Сокамерник испытующе смотрит на меня.
Он заснул, не раздеваясь, в темно-синей футболке и светлых штанах со множеством карманов, заправленных в высокие, до голени, ботинки.
На мне одежда из мертвого хлопка,[1] зато щеки зарделись живыми розами.
Он медленно прошелся взглядом по моей фигуре, и от этого неторопливого разглядывания у меня забилось сердце. Розовые лепестки опали со щек и закружились коконом, отчего-то лишая меня мужества.
Перестань на меня смотреть, хочу я сказать.
Перестань трогать меня своими глазами, держи руки при себе и — пожалуйста, пожалуйста, пожалуйста…
— Как тебя зовут? — Он наклонил голову набок, и сила тяжести раскололась пополам.
Выжидаю минуту, моргаю, выравниваю дыхание.
Он шевельнулся, и мои глаза брызнули тысячей осколков. Рикошетом разлетевшись по комнате, они делали миллион снимков, миллион моментальных фотографий. Мельтешившие образы поблекли от времени, замороженные мысли робко затрепетали в мертвом пространстве, ураган воспоминаний рвал душу. Сокамерник напоминает мне человека, которого я знала.

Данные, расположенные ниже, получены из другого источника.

(* Let $d\ge 1$ and $n\ge 0$ be integers, let $N:=\dim \mathbb{C}_n[z]$, where $\mathbb{C}_n[z]$ denotes the space of polynomials in $d$ complex variables of total degree at most $n$, and let $A=\{x_1,\dots,x_N\}\subset\mathbb{C}^d$ be a set of $N$ distinct points that is unisolvent for polynomial interpolation, i.e. for all $y_1,\dots,y_N\in\mathbb{C}$ there is a unique $p\in\mathbb{C}_n[z]$ with $p(x_i)=y_i$ for $1\le i\le N$. Let $z_0\in\mathbb{C}^d\setminus A$, and let $\ell_1,\dots,\ell_N\in\mathbb{C}_n[z]$ be the fundamental Lagrange interpolating polynomials for these points ($\ell_i(x_j)=\delta_{ij}$). Then among all discrete probability measures supported at the points $x_1,\dots,x_N$, the measure $\mu=\sum_{i=1}^N w_i\delta_{x_i}$ with \[ w_i:=\frac{|\ell_i(z_0)|}{\sum_{j=1}^N|\ell_j(z_0)|},\qquad 1\le i\le N, \] minimizes $K_n^\mu(z_0,z_0)$.
   Context: For a probability measure $\mu$ that is non-degenerate on $\mathbb{C}_n[z]$ (i.e. $\int|p|^2\,d\mu>0$ for every nonzero $p\in\mathbb{C}_n[z]$), $K_n^\mu(z,z):=\sum_{k=1}^N|q_k(z)|^2$, where $\{q_1,\dots,q_N\}$ is a $\mu$-orthonormal basis of $\mathbb{C}_n[z]$ (the reciprocal of the Christoffel function, or Bergman kernel, of $\mu$ on the diagonal). *)

From HB Require Import structures.
From mathcomp Require Import all_boot all_order all_algebra.
From mathcomp Require Import reals.
From mathcomp Require Import complex.
From mathcomp Require Import mpoly.
Set Implicit Arguments. Unset Strict Implicit. Unset Printing Implicit Defensive.
Import Order.TTheory GRing.Theory Num.Theory.
Local Open Scope ring_scope.

(* C_n[z] : polynomials in d complex variables of total degree <= n.
   msize p = 1 + total degree of p (0 for p = 0). *)
Definition in_Pn (C : nzRingType) (d n : nat) (p : {mpoly C[d]}) : bool :=
  (msize p <= n.+1)%N.

Section Disc.
Variables (R : realType) (d n N : nat).
Local Notation C := (R[i]).

(* Hermitian form of the discrete measure  sum_i w_i delta_{x_i} :
   <p, q>_mu = int p conj(q) dmu = sum_i w_i p(x_i) conj(q(x_i)). *)
Definition dinner (x : 'I_N -> 'I_d -> C) (w : 'I_N -> C)
    (p q : {mpoly C[d]}) : C :=
  \sum_(i < N) w i * p.@[x i] * (q.@[x i])^*.

Definition disc_prob_weights (w : 'I_N -> C) : Prop :=
  (forall i, 0 <= w i) /\ \sum_(i < N) w i = 1.

Definition disc_nondegenerate (x : 'I_N -> 'I_d -> C) (w : 'I_N -> C) : Prop :=
  forall p : {mpoly C[d]}, in_Pn n p -> p != 0 -> 0 < dinner x w p p.

Definition disc_orthonormal_basis (M : nat) (x : 'I_N -> 'I_d -> C) (w : 'I_N -> C)
    (q : 'I_M -> {mpoly C[d]}) : Prop :=
  [/\ forall k, in_Pn n (q k),
      forall p, in_Pn n p -> exists c : 'I_M -> C, p = \sum_(k < M) c k *: q k
    & forall k l, dinner x w (q k) (q l) = (k == l)%:R].

(* K_n^mu(z,z) computed from an orthonormal basis q *)
Definition kernel_diag (M : nat) (q : 'I_M -> {mpoly C[d]}) (z : 'I_d -> C) : C :=
  \sum_(k < M) `|(q k).@[z]| ^+ 2.

Definition unisolvent (x : 'I_N -> 'I_d -> C) : Prop :=
  forall y : 'I_N -> C, exists! p : {mpoly C[d]},
    in_Pn n p /\ forall i, p.@[x i] = y i.
End Disc.

From HB Require Import structures.
From mathcomp Require Import all_boot all_order all_algebra.
From mathcomp Require Import reals.
From mathcomp Require Import complex.
From mathcomp Require Import mpoly.
From mathcomp Require Import ring.
Set Implicit Arguments. Unset Strict Implicit. Unset Printing Implicit Defensive.
Import Order.TTheory GRing.Theory Num.Theory.
Local Open Scope ring_scope.

(* For a discrete measure with weights w on the nodes, expanding an orthonormal
   basis in the Lagrange basis and vice versa gives the closed form
   K_n^mu(z, z) = sum_i |l_i(z)|^2 / w_i.  With a_i = |l_i(z0)| and
   S = sum_i a_i, the identity sum_i (a_i - S w_i)^2 / w_i = sum_i a_i^2 / w_i - S^2
   for probability weights shows that this is at least S^2, with equality at
   w_i = a_i / S. *)

Lemma sum_kronecker_r (F : nmodType) (N : nat) (f : 'I_N -> F) (j : 'I_N) :
  \sum_(i < N) f i *+ (i == j) = f j.
Proof. by rewrite (bigD1 j) //= eqxx big1 ?addr0 // => i /negbTE ->. Qed.

Lemma meval_lincomb (C : comNzRingType) (d M : nat) (v : 'I_d -> C)
    (c : 'I_M -> C) (p : 'I_M -> {mpoly C[d]}) :
  (\sum_(k < M) c k *: p k).@[v] = \sum_(k < M) c k * (p k).@[v].
Proof. by rewrite raddf_sum; apply: eq_bigr => k _; exact: mevalZ. Qed.

Lemma in_Pn_lincomb (C : comNzRingType) (d n M : nat) (c : 'I_M -> C)
    (p : 'I_M -> {mpoly C[d]}) :
  (forall k, in_Pn n (p k)) -> in_Pn n (\sum_(k < M) c k *: p k).
Proof.
move=> pP; apply: leq_trans (msize_sum _ _ _) _.
by apply/bigmax_leqP => k _; apply: leq_trans (msizeZ_le _ _) (pP k).
Qed.

Lemma sum_sqr_div_ge (F : numFieldType) (N : nat) (a w : 'I_N -> F) :
  (forall i, a i \is Num.real) -> (forall i, 0 < w i) -> \sum_(i < N) w i = 1 ->
  (\sum_(i < N) a i) ^+ 2 <= \sum_(i < N) a i ^+ 2 / w i.
Proof.
move=> aR w_gt0 w1; set S := \sum_(i < N) a i.
have S_R : S \is Num.real by apply: rpred_sum.
have excess : \sum_(i < N) (a i - S * w i) ^+ 2 / w i
    = \sum_(i < N) a i ^+ 2 / w i - S ^+ 2.
  rewrite (eq_bigr (fun i => a i ^+ 2 / w i - (S *+ 2 * a i - S ^+ 2 * w i))).
    by rewrite !sumrB -!mulr_sumr w1 -/S; ring.
  by move=> i _; field; rewrite gt_eqF ?w_gt0.
rewrite -subr_ge0 -excess; apply: sumr_ge0 => i _.
apply: divr_ge0; last exact: ltW.
by rewrite -realEsqr rpredB ?rpredM ?aR ?S_R ?gtr0_real.
Qed.

Lemma sum_sqr_div_normalized (F : numFieldType) (N : nat) (a : 'I_N -> F) :
  (forall i, a i / \sum_(j < N) a j != 0) ->
  \sum_(i < N) a i ^+ 2 / (a i / \sum_(j < N) a j) = (\sum_(i < N) a i) ^+ 2.
Proof.
move=> w_neq0; rewrite expr2 mulr_suml; apply: eq_bigr => i _.
have := w_neq0 i; rewrite mulf_eq0 negb_or invr_eq0 => /andP[a_neq0 S_neq0].
by field; rewrite S_neq0 a_neq0.
Qed.

Section OrthonormalExpansion.
Variables (R : realType) (d n N M : nat).
Local Notation C := R[i].
Variables (x : 'I_N -> 'I_d -> C) (w : 'I_N -> C) (q : 'I_M -> {mpoly C[d]}).

Lemma dinner_suml (c : 'I_M -> C) (p : 'I_M -> {mpoly C[d]}) r :
  dinner x w (\sum_(k < M) c k *: p k) r = \sum_(k < M) c k * dinner x w (p k) r.
Proof.
rewrite /dinner; under eq_bigr => i _ do rewrite meval_lincomb mulr_sumr mulr_suml.
rewrite exchange_big; apply: eq_bigr => k _; rewrite mulr_sumr.
by apply: eq_bigr => i _; ring.
Qed.

Hypothesis q_basis : disc_orthonormal_basis n x w q.

Lemma orthonormal_expansion p :
  in_Pn n p -> p = \sum_(k < M) dinner x w p (q k) *: q k.
Proof.
case: q_basis => _ q_span q_orth /q_span[c ->].
apply: eq_bigr => l _; rewrite dinner_suml.
under eq_bigr => k _ do rewrite q_orth mulr_natr.
by rewrite sum_kronecker_r.
Qed.

End OrthonormalExpansion.

Section LagrangeBasis.
Variables (R : realType) (d n N : nat).
Local Notation C := R[i].
Variables (x : 'I_N -> 'I_d -> C) (ell : 'I_N -> {mpoly C[d]}).
Hypothesis x_unisolvent : unisolvent n x.
Hypothesis ell_Pn : forall i, in_Pn n (ell i).
Hypothesis ell_x : forall i j, (ell i).@[x j] = (i == j)%:R.

Lemma lagrange_expansion p : in_Pn n p -> p = \sum_(i < N) p.@[x i] *: ell i.
Proof.
move=> pP; have [r [_ r_uniq]] := x_unisolvent (fun i => p.@[x i]).
transitivity r; first by symmetry; apply: r_uniq.
apply: r_uniq; split; first exact: in_Pn_lincomb.
move=> j; rewrite meval_lincomb.
under eq_bigr => i _ do rewrite ell_x mulr_natr.
exact: sum_kronecker_r.
Qed.

Lemma dinner_lagrangel w q i : dinner x w (ell i) q = w i * (q.@[x i])^*.
Proof.
rewrite /dinner -(sum_kronecker_r (fun j => w j * (q.@[x j])^*) i).
by apply: eq_bigr => j _; rewrite ell_x eq_sym mulr_natr mulrnAl.
Qed.

Lemma disc_weight_gt0 w : disc_nondegenerate n x w -> forall i, 0 < w i.
Proof.
move=> w_nondeg i; have := w_nondeg (ell i) (ell_Pn i).
rewrite dinner_lagrangel ell_x eqxx conjC1 mulr1; apply.
apply/eqP => ell0; have := ell_x i i.
by rewrite ell0 meval0 eqxx => /esym/eqP; rewrite oner_eq0.
Qed.

Lemma kernel_diag_lagrange M w (q : 'I_M -> {mpoly C[d]}) z :
  disc_nondegenerate n x w -> disc_orthonormal_basis n x w q ->
  kernel_diag q z = \sum_(i < N) `|(ell i).@[z]| ^+ 2 / w i.
Proof.
move=> w_nondeg q_basis; have w_gt0 := disc_weight_gt0 w_nondeg.
have [q_Pn _ _] := q_basis.
have q_z k : (q k).@[z] = \sum_(i < N) (q k).@[x i] * (ell i).@[z].
  by rewrite {1}(lagrange_expansion (q_Pn k)) meval_lincomb.
have ell_z i : (ell i).@[z] = w i * \sum_(k < M) ((q k).@[x i])^* * (q k).@[z].
  rewrite {1}(orthonormal_expansion q_basis (ell_Pn i)) meval_lincomb mulr_sumr.
  by apply: eq_bigr => k _; rewrite dinner_lagrangel mulrA.
pose T k i := ((ell i).@[z])^* * ((q k).@[x i])^* * (q k).@[z].
have norm_q k : `|(q k).@[z]| ^+ 2 = \sum_(i < N) T k i.
  rewrite normCK {2}q_z rmorph_sum mulr_sumr.
  by apply: eq_bigr => i _; rewrite rmorphM /T /=; ring.
have norm_ell i : `|(ell i).@[z]| ^+ 2 / w i = \sum_(k < M) T k i.
  rewrite normCK {1}ell_z mulr_sumr !mulr_suml.
  by apply: eq_bigr => k _; rewrite /T; field; rewrite gt_eqF ?w_gt0.
rewrite /kernel_diag; under eq_bigr do rewrite norm_q.
under [RHS]eq_bigr do rewrite norm_ell.
exact: exchange_big.
Qed.

End LagrangeBasis.

Theorem mainTheorem1 (R : realType) (d n N : nat)
  (x : 'I_N -> 'I_d -> R[i]) (z0 : 'I_d -> R[i])
  (ell : 'I_N -> {mpoly R[i][d]}) :
  (0 < d)%N ->
  N = 'C(n + d, d) ->
  injective x ->
  unisolvent n x ->
  (forall i, z0 <> x i) ->
  (forall i, in_Pn n (ell i)) ->
  (forall i j, (ell i).@[x j] = (i == j)%:R) ->
  let wstar := fun i : 'I_N => `|(ell i).@[z0]| / \sum_(j < N) `|(ell j).@[z0]| in
  disc_nondegenerate n x wstar ->
  forall (w : 'I_N -> R[i]), disc_prob_weights w -> disc_nondegenerate n x w ->
  forall (qstar q : 'I_N -> {mpoly R[i][d]}),
    disc_orthonormal_basis n x wstar qstar ->
    disc_orthonormal_basis n x w q ->
    kernel_diag qstar z0 <= kernel_diag q z0.
Proof.
move=> _ _ _ x_uni _ ell_Pn ell_x wstar wstar_nondeg w [_ w1] w_nondeg
  qstar q qstar_basis q_basis.
rewrite (kernel_diag_lagrange x_uni ell_Pn ell_x _ wstar_nondeg qstar_basis).
rewrite (kernel_diag_lagrange x_uni ell_Pn ell_x _ w_nondeg q_basis).
have wstar_neq0 i : wstar i != 0.
  exact/lt0r_neq0/(disc_weight_gt0 ell_Pn ell_x wstar_nondeg).
rewrite (sum_sqr_div_normalized wstar_neq0).
apply: sum_sqr_div_ge => [i|i|//]; first exact: normr_real.
exact: (disc_weight_gt0 ell_Pn ell_x w_nondeg).
Qed.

Резкий вздох, и я очнулась.
Хватит грезить наяву.
— За что ты здесь? — спрашиваю я, обращаясь к трещинам в бетонной стене. Четырнадцать трещин в четырех стенах, тысячи оттенков серого. Пол, потолок — все бетонное. Жалкие ложа — кроватные рамы — сварены из старых водопроводных труб. Маленький квадрат окна, слишком толстое стекло, чтобы выбить. Надежда иссякла. Глаза болят, трудно сфокусировать взгляд. Палец медленно ведет дорожку по холодному полу.
Я сижу на полу, где пахнет льдом, металлом и грязью. Сокамерник усаживается напротив по-турецки. Слишком блестящие у него ботинки для этого заведения.
— Ты меня боишься. — Его низкий голос не имеет формы.
Пальцы сами сжались в кулак.
— Я боюсь, что ты псих.
Может, я и лгу, но это не его дело.
Сокамерник фыркает. Звук эхом отдается в мертвом воздухе камеры. Я не поворачиваю головы, не смотрю в глаза, сверлящие меня. Вдыхаю затхлость, переработанный кислород. Горло сжимается от знакомого ощущения, которое я уже научилась подавлять.
Два стука в дверь возвращают меня к реальности.
За долю секунды сокамерник оказывается на ногах.
— Там никого нет, — говорю я. — Это наш завтрак.
Двести шестьдесят четыре завтрака, а я так и не разобралась, из чего они состоят. Пахнущий химией аморфный кусок, который всегда приносят, когда уже нет сил терпеть голод. Иногда слишком сладкий, иногда пересоленный, но всегда отвратительный. Большую часть времени я слишком голодна, чтобы замечать разницу.
Я слышу, как сокамерник после секундного колебания подошел к двери, отодвинул задвижку маленькой щели и выглянул в мир, которого нет.
— Черт! — Он буквально запустил подносом в отверстие и прижал ладонь к рубашке. — Черт, черт! — Он сжал пальцы в кулак и стиснул челюсти. Обжегся. Я бы предупредила, если бы он слушал.
— Нужно выждать минимум три минуты, а потом уже трогать поднос, — говорю я стене, не глядя на зажившие шрамы, украшающие мои маленькие руки. На ожоги, которых никто не научил меня избегать. — Мне кажется, они делают это специально, — тихо добавляю я.
— О, сегодня ты со мной разговариваешь? — Он зол, в его глазах блеск, но он отводит взгляд. Я понимаю, что он скорее смущен, чем рассержен. Сильный. Слишком сильный, чтобы делать дурацкие ошибки на глазах у девчонки. И слишком гордый, чтобы выдать боль.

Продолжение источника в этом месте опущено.